(* For [tm mu^2 > 64 lam tM] the quartic gain [tm mu^4 (2 dl) / 16] on the plateau beats
   the quadratic loss [2 lam tM mu^2 (4 dl)] on the support. *)
Lemma tall_bump_increases_Kfun : exists mu, 0 < mu /\
  forall dl, 0 < dl <= (b - a) / 4 ->
    Kfun a b lam theta F vbar
      < Kfun a b lam theta F (fun x => vbar x + mu * bump dl ((a + b) / 2) x).
Proof.
  destruct theta_bounds as [tm [tM [Htm Hth]]].
  assert (HtM : tm <= tM) by (destruct (Hth a) as [H1 H2]; lra).
  set (mu := 64 * lam * tM / tm + 1).
  assert (Hmu : 1 <= mu).
  { unfold mu. assert (0 <= 64 * lam * tM / tm) by (apply Rle_mult_inv_pos; nra). lra. }
  assert (Hmu2 : 64 * lam * tM < tm * mu ^ 2).
  { assert (tm * mu = 64 * lam * tM + tm) by (unfold mu; field; lra).
    assert (tm * mu * 1 <= tm * mu * mu) by (apply Rmult_le_compat_l; nra). nra. }
  exists mu. split; [lra|]. intros dl Hdl.
  set (q := fun k x => (mu * bump dl ((a + b) / 2) x) ^ k).
  assert (Hq : forall k, is_RInt (q k) a b (RInt (q k) a b)).
  { intros k. apply (RInt_correct (V := R_CompleteNormedModule)), ex_RInt_bump_pow. lra. }
  assert (Hlow : tm / 16 * RInt (q 4%nat) a b - 2 * lam * tM * RInt (q 2%nat) a b
                 <= Kfun a b lam theta F (fun x => vbar x + mu * bump dl ((a + b) / 2) x)
                    - Kfun a b lam theta F vbar).
  { assert (Hphi : is_RInt (fun x => tm / 16 * q 4%nat x - 2 * lam * tM * q 2%nat x) a b
                    (tm / 16 * RInt (q 4%nat) a b - 2 * lam * tM * RInt (q 2%nat) a b)).
    { apply (is_RInt_minus (V := R_NormedModule)); apply (is_RInt_scal (V := R_NormedModule)), Hq. }
    apply (is_RInt_le _ _ a b _ _ ltac:(lra) Hphi (Kfun_bump_sub mu dl Hdl)).
    intros x Hx. apply theta_Hfun_remainder_ge; [exact Hth | lra]. }
  assert (H4 := RInt_bump_pow_ge a b mu dl 4 ltac:(lra) Hdl).
  assert (H2 := RInt_bump_pow_le a b mu dl 2 ltac:(auto) ltac:(lra) Hdl).
  fold (q 4%nat) in H4. fold (q 2%nat) in H2.
  assert (tm / 16 * (mu ^ 4 * (2 * dl)) <= tm / 16 * RInt (q 4%nat) a b)
    by (apply Rmult_le_compat_l; lra).
  assert (2 * lam * tM * RInt (q 2%nat) a b <= 2 * lam * tM * (mu ^ 2 * (4 * dl)))
    by (apply Rmult_le_compat_l; nra).
  assert (Hgain : 0 < mu ^ 2 * dl / 8 * (tm * mu ^ 2 - 64 * lam * tM)).
  { apply Rmult_lt_0_compat; [|lra]. assert (0 < mu ^ 2) by nra. nra. }
  replace (mu ^ 2 * dl / 8 * (tm * mu ^ 2 - 64 * lam * tM))
    with (tm / 16 * (mu ^ 4 * (2 * dl)) - 2 * lam * tM * (mu ^ 2 * (4 * dl))) in Hgain by field.
  lra.
Qed.

Lemma small_bump_decreases_Kfun : exists mu, 0 < mu /\
  forall dl, 0 < dl <= (b - a) / 4 ->
    Kfun a b lam theta F (fun x => vbar x + mu * bump dl ((a + b) / 2) x)
      < Kfun a b lam theta F vbar.
Proof.
  destruct theta_bounds as [tm [tM [Htm Hth]]].
  destruct Hfun_remainder_vbar_le as [c [mu [Hc [Hmu Hrem]]]].
  exists mu. split; [exact Hmu|]. intros dl Hdl.
  set (q2 := fun x => (mu * bump dl ((a + b) / 2) x) ^ 2).
  assert (Hup : Kfun a b lam theta F (fun x => vbar x + mu * bump dl ((a + b) / 2) x)
                - Kfun a b lam theta F vbar <= - (c * tm) * RInt q2 a b).
  { assert (Hphi : is_RInt (fun x => - (c * tm) * q2 x) a b (- (c * tm) * RInt q2 a b)).
    { apply (is_RInt_scal (V := R_NormedModule)), (RInt_correct (V := R_CompleteNormedModule)).
      apply ex_RInt_bump_pow. lra. }
    apply (is_RInt_le _ _ a b _ _ ltac:(lra) (Kfun_bump_sub mu dl Hdl) Hphi).
    intros x Hx. assert (Hx' : a <= x <= b) by lra.
    unfold q2. set (h := mu * bump dl ((a + b) / 2) x).
    assert (Hh : Rabs h <= mu).
    { unfold h. generalize (bump_range dl ((a + b) / 2) x). intros.
      rewrite Rabs_right by (apply Rle_ge, Rmult_le_pos; lra). nra. }
    assert (Hr := Hrem x h Hx' Hh). destruct (Hth x Hx') as [Hlo _].
    assert (Hch : 0 <= c * h ^ 2) by (apply Rmult_le_pos; [lra | apply pow2_ge_0]).
    nra. }
  assert (H2 := RInt_bump_pow_ge a b mu dl 2 ltac:(lra) Hdl). fold q2 in H2.
  assert (c * tm * (mu ^ 2 * (2 * dl)) <= c * tm * RInt q2 a b)
    by (apply Rmult_le_compat_l; [nra | exact H2]).
  assert (0 < c * tm * (mu ^ 2 * (2 * dl))).
  { apply Rmult_lt_0_compat; [nra|]. assert (0 < mu ^ 2) by nra. nra. }
  lra.
Qed.

Lemma Kfun_not_Lp_local_max p : 1 <= p ->
  ~ is_local_max (C0 a b) (Lp_norm a b p) (Kfun a b lam theta F) vbar.
Proof.
  intros Hp [_ [d [Hd Hloc]]].
  destruct tall_bump_increases_Kfun as [mu [Hmu Hinc]].
  destruct (bump_in_Lp_ball p mu d Hp Hmu Hd) as [dl [Hdl [Hw Hnear]]].
  specialize (Hloc _ Hw Hnear). specialize (Hinc dl Hdl). lra.
Qed.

---

**YOUR INSTRUCTIONS**
Answer with a single number: how many lines in the data above have the string "field" in them?

**TASK RESPONSE**
2